Comment traiter ces visions contradictoires sans basculer dans une lecture univoque ? Révéler leurs facettes en miroir ? Dessinant dans les corps des zones de trouble, de violence, des lignes d'utopie, Mélanie Demers déconstruit progressivement les mécanismes qui forment cette opposition, pour chercher la part de réversibilité contenue dans chaque situation.

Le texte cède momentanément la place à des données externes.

(* Let $d,n\ge1$ be integers and let $X=I_1\cup\dots\cup I_d$ be the disjoint union of $d$ copies $I_1,\dots,I_d$ of the unit interval $[0,1]$. Let $H$ be the (infinite) family of all sets $e=e^1\cup\dots\cup e^d\subseteq X$, with each $e^j$ empty or a closed interval in $I_j$, whose total length $|e|=\sum_j|e^j|$ satisfies $|e|>\frac1n$. Then: (1) every set $C\subseteq X$ meeting every member of $H$ satisfies $|C|\ge nd^2-d$; (2) for every finitely supported function $\alpha:H\to\mathbb{R}_{\ge0}$ such that $\sum_{e\in H,\,x\in e}\alpha(e)\le1$ for every $x\in X$, one has $\sum_{e\in H}\alpha(e)< nd$ (when $\alpha\not\equiv0$) and in any case $\sum_{e}\alpha(e)\le nd$.
   Context: $|e^j|$ denotes the length of the interval $e^j$ (zero if empty). *)

From Stdlib Require Import Reals Lra List.
Import ListNotations.
Open Scope R_scope.

(* A point of X = I_0 ⊔ ... ⊔ I_{d-1}: a pair (j, x) with j < d, x ∈ [0,1]. *)
Definition point := (nat * R)%type.
Definition in_X (d : nat) (p : point) : Prop :=
  (fst p < d)%nat /\ 0 <= snd p <= 1.

(* A set e = e^0 ∪ ... ∪ e^{d-1}: a list of length d whose j-th entry is
   None (e^j empty) or Some (a,b) with 0 <= a <= b <= 1 (e^j = [a,b] ⊆ I_j).
   This representation is unique for each such set. *)
Definition edge := list (option (R * R)).

Definition comp_ok (o : option (R * R)) : Prop :=
  match o with
  | None => True
  | Some (a, b) => 0 <= a /\ a <= b /\ b <= 1
  end.

Definition valid_edge (d : nat) (e : edge) : Prop :=
  length e = d /\ Forall comp_ok e.

Definition comp_len (o : option (R * R)) : R :=
  match o with None => 0 | Some (a, b) => b - a end.

Definition elen (e : edge) : R :=
  fold_right (fun o acc => comp_len o + acc) 0 e.

Definition inH (d n : nat) (e : edge) : Prop :=
  valid_edge d e /\ elen e > 1 / INR n.

Definition memb (p : point) (e : edge) : bool :=
  match nth_error e (fst p) with
  | Some (Some (a, b)) =>
      if Rle_dec a (snd p) then (if Rle_dec (snd p) b then true else false)
      else false
  | _ => false
  end.

Definition total (alpha : edge -> R) (s : list edge) : R :=
  fold_right (fun e acc => alpha e + acc) 0 s.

Ce sont cinq danseurs, cinq microcosmes en friction qui parcourent un monde instable, balançant entre rêve et cauchemar. Un univers familier et inquiétant, gagné par l'irréalité, où les corps se rencontrent, s'affectent, se déchirent, traversés par des états de tension extrême, de légèreté, de folie. Sur scène, toute position est soumise au glissement : les images se télescopent, se recouvrent par dépôts successifs, comme des lignes brisées faisant peu à peu dérailler la mécanique des corps.
Au gré des alliances, des ruptures, des confrontations, «dépotoir » et « paradis » s'emboîtent comme deux faces d'une même aporie – métaphores qui nous renvoient du dehors un reflet déformé. Les passions, les peurs, les impulsions destructrices qui agitent chaque individu entrent en résonance avec des questions plus vastes, l'injustice, les rapports entre nord et sud, pauvreté et opulence.
À l'origine, le mot paradis signifie « jardin clôturé ». Au long de leurs variations, les danseurs nous entraînent dans leur tentative de percer des brèches, d'ouvrir ce paradis obstrué.